– Impreza była udana , a pogoda dopisała nam aż za bardzo – tak Dni Lubina podsumowuje Marek Zawadka, dyrektor Wzgórza Zamkowego. W ciągu trzydniowego świętowania przez błonia przewinęło się kilka tysięcy mieszkańców i kilkunastu wykonawców.
– Artyści byli świetni. Jelonek, Strachy na Lachy, Eldo i Kasia Wilk dali naprawdę genialne występy. Tak samo jak lubińskie zespoły – ocenia dyrektor Zawadka.
Jako, że przez weekend temperatury przekraczały 30 stopni, lubinianie szukali wszelkich sposobów na ochłodę. – Hitem okazało się stoisko, gdzie sprzedawano zimne sorbety owocowe. To był chyba rekord świata, nie dość, że super chłodziły, to jeszcze tak samo smakowały – opowiada Marek Zawadka.

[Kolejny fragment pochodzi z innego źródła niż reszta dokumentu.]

Lemma cone_transform_val d m (x : 'rV[F]_d) : d = m.*2 -> odd m ->
  q%:R * cone_transform x =
  q%:R ^+ d * (x == 0)%:R - q%:R ^+ m * ((sqnorm x == 0)%:R * q%:R - 1).
Proof.
move=> dE m_odd; rewrite cone_transform_gauss.
rewrite (eq_bigr (fun r => - q%:R ^+ m * psi (- sqnorm x / (4 * r)))) => [|r r_neq0].
  by rewrite -mulr_sumr sum_psi_inv ?(four_neq0 nonsquareN1) // oppr_eq0 mulNr.
congr (_ * _); rewrite dE -mul2n exprM gauss_sqr //.
by rewrite exprNn -signr_odd m_odd expr1 mulN1r.
Qed.

Hypothesis psiN : forall x, psi (- x) = (psi x)^*.

Lemma sum_cone_transform_ge0 d (A : {set 'rV[F]_d}) :
  0 <= \sum_(a in A) \sum_(b in A) cone_transform (a - b).
Proof.
have -> : \sum_(a in A) \sum_(b in A) cone_transform (a - b) =
    \sum_(s | sqnorm s == 0)
      (\sum_(a in A) psi (dot s a)) * (\sum_(b in A) psi (dot s b))^*.
  rewrite /cone_transform; under eq_bigr do rewrite exchange_big /=.
  rewrite exchange_big /=; apply: eq_bigr => s _.
  rewrite rmorph_sum mulr_suml; apply: eq_bigr => a _.
  by rewrite mulr_sumr; apply: eq_bigr => b _; rewrite dotBr psiD psiN.
by apply: sumr_ge0 => s _; exact: mul_conjC_ge0.
Qed.

Lemma Niso_bound d m (A : {set 'rV[F]_d}) : d = m.*2 -> odd m ->
  (q * Niso A <= q ^ m * #|A| + #|A| ^ 2)%N.
Proof.
move=> dE m_odd.
have q_gt0 : 0 < q%:R :> algC by rewrite ltr0n; apply/card_gt0P; exists 0.
have sum_diag : \sum_(a in A) \sum_(b in A) ((a - b == 0)%:R : algC) = #|A|%:R.
  rewrite (eq_bigr (fun _ => 1)) ?sumr_const // => a a_in_A.
  rewrite (bigD1 a) //= subrr eqxx big1 ?addr0 // => b /andP[_ b_neq_a].
  by rewrite subr_eq0 eq_sym (negPf b_neq_a).
have key : q%:R * \sum_(a in A) \sum_(b in A) cone_transform (a - b) =
    q%:R ^+ m * (q%:R ^+ m * #|A|%:R + #|A|%:R ^+ 2 - q%:R * (Niso A)%:R) :> algC.
  rewrite mulr_sumr; under eq_bigr do rewrite mulr_sumr.
  under eq_bigr do under eq_bigr do rewrite (cone_transform_val _ dE m_odd).
  under eq_bigr do rewrite sumrB -!mulr_sumr sumrB -mulr_suml sumr_const.
  rewrite sumrB -!mulr_sumr sum_diag sumrB -mulr_suml -Niso_sum sumr_const.
  have -> : q%:R ^+ d = q%:R ^+ m * q%:R ^+ m :> algC by rewrite dE -addnn exprD.
  by rewrite -mulr_natr -expr2; ring.
have := sum_cone_transform_ge0 A.
rewrite -(pmulr_rge0 _ q_gt0) key pmulr_rge0 ?exprn_gt0 // subr_ge0.
by rewrite -!natrX -!natrM -natrD ler_nat.
Qed.
(* A geodesic metric space $(X,d)$ is a quasi-tree if and only if there exists $A\geqslant 0$ such that for every $n\geqslant 2$ and all points $x_0,x_1,\ldots,x_n\in X$, \[(x_1,x_n)_{x_0}\geqslant\min_{1\leqslant i\leqslant n-1}(x_i,x_{i+1})_{x_0}-A.\]
   Context: The Gromov product is $(x,y)_{x_0}=\frac12\big(d(x_0,x)+d(x_0,y)-d(x,y)\big)$. A quasi-tree is a geodesic metric space that is quasi-isometric to a simplicial tree (a 1-dimensional simplicial complex which is an $\mathbb{R}$-tree for the path metric with edges of length 1), where a quasi-isometry is a map $f$ with $\frac1L d(x,y)-C\leqslant d(f(x),f(y))\leqslant Ld(x,y)+C$ for some $L\geqslant1,C\geqslant0$ and with image $C$-dense in the target. *)

From Stdlib Require Import Reals Lra List ClassicalEpsilon.
Import ListNotations.
Open Scope R_scope.

Definition is_metric {X : Type} (d : X -> X -> R) : Prop :=
  (forall x y, d x y = 0 <-> x = y) /\
  (forall x y, d x y = d y x) /\
  (forall x y z, d x z <= d x y + d y z).

Definition geodesic {X : Type} (d : X -> X -> R) : Prop :=
  forall x y : X, exists g : R -> X,
    g 0 = x /\ g (d x y) = y /\
    forall s t, 0 <= s <= d x y -> 0 <= t <= d x y ->
      d (g s) (g t) = Rabs (s - t).

Definition gromov {X : Type} (d : X -> X -> R) (x0 x y : X) : R :=
  (d x0 x + d x0 y - d x y) / 2.

Definition quasi_isometry {X Y : Type} (d : X -> X -> R) (e : Y -> Y -> R)
  (f : X -> Y) (L C : R) : Prop :=
  1 <= L /\ 0 <= C /\
  (forall x y, d x y / L - C <= e (f x) (f y) <= L * d x y + C) /\
  (forall y : Y, exists x : X, e (f x) y <= C).

Definition quasi_isometric {X Y : Type} (d : X -> X -> R) (e : Y -> Y -> R) : Prop :=
  exists f L C, quasi_isometry d e f L C.

Inductive walk {V : Type} (adj : V -> V -> Prop) : nat -> V -> V -> Prop :=
| walk0 : forall v, walk adj 0 v v
| walkS : forall n u w v, adj u w -> walk adj n w v -> walk adj (S n) u v.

Te Dni Lubina były też wyjątkowe, bo połączone z finałem Euro 2012. – Naprawdę fajnie to wyglądało, kiedy ludzie siedzieli na błoniach i oglądali mecz. Teraz już wiemy, że dobrym pomysłem było pożyczenie od Regionalnego Centrum Sportowego małych trybun. Myślimy już o zakupie podobnych – ocenia.
A dziś czas, by uprzątnąć błonia po święcie miasta. Organizatorzy z kolei zapewniają, że już dziś biorą się za planowanie przyszłorocznej imprezy.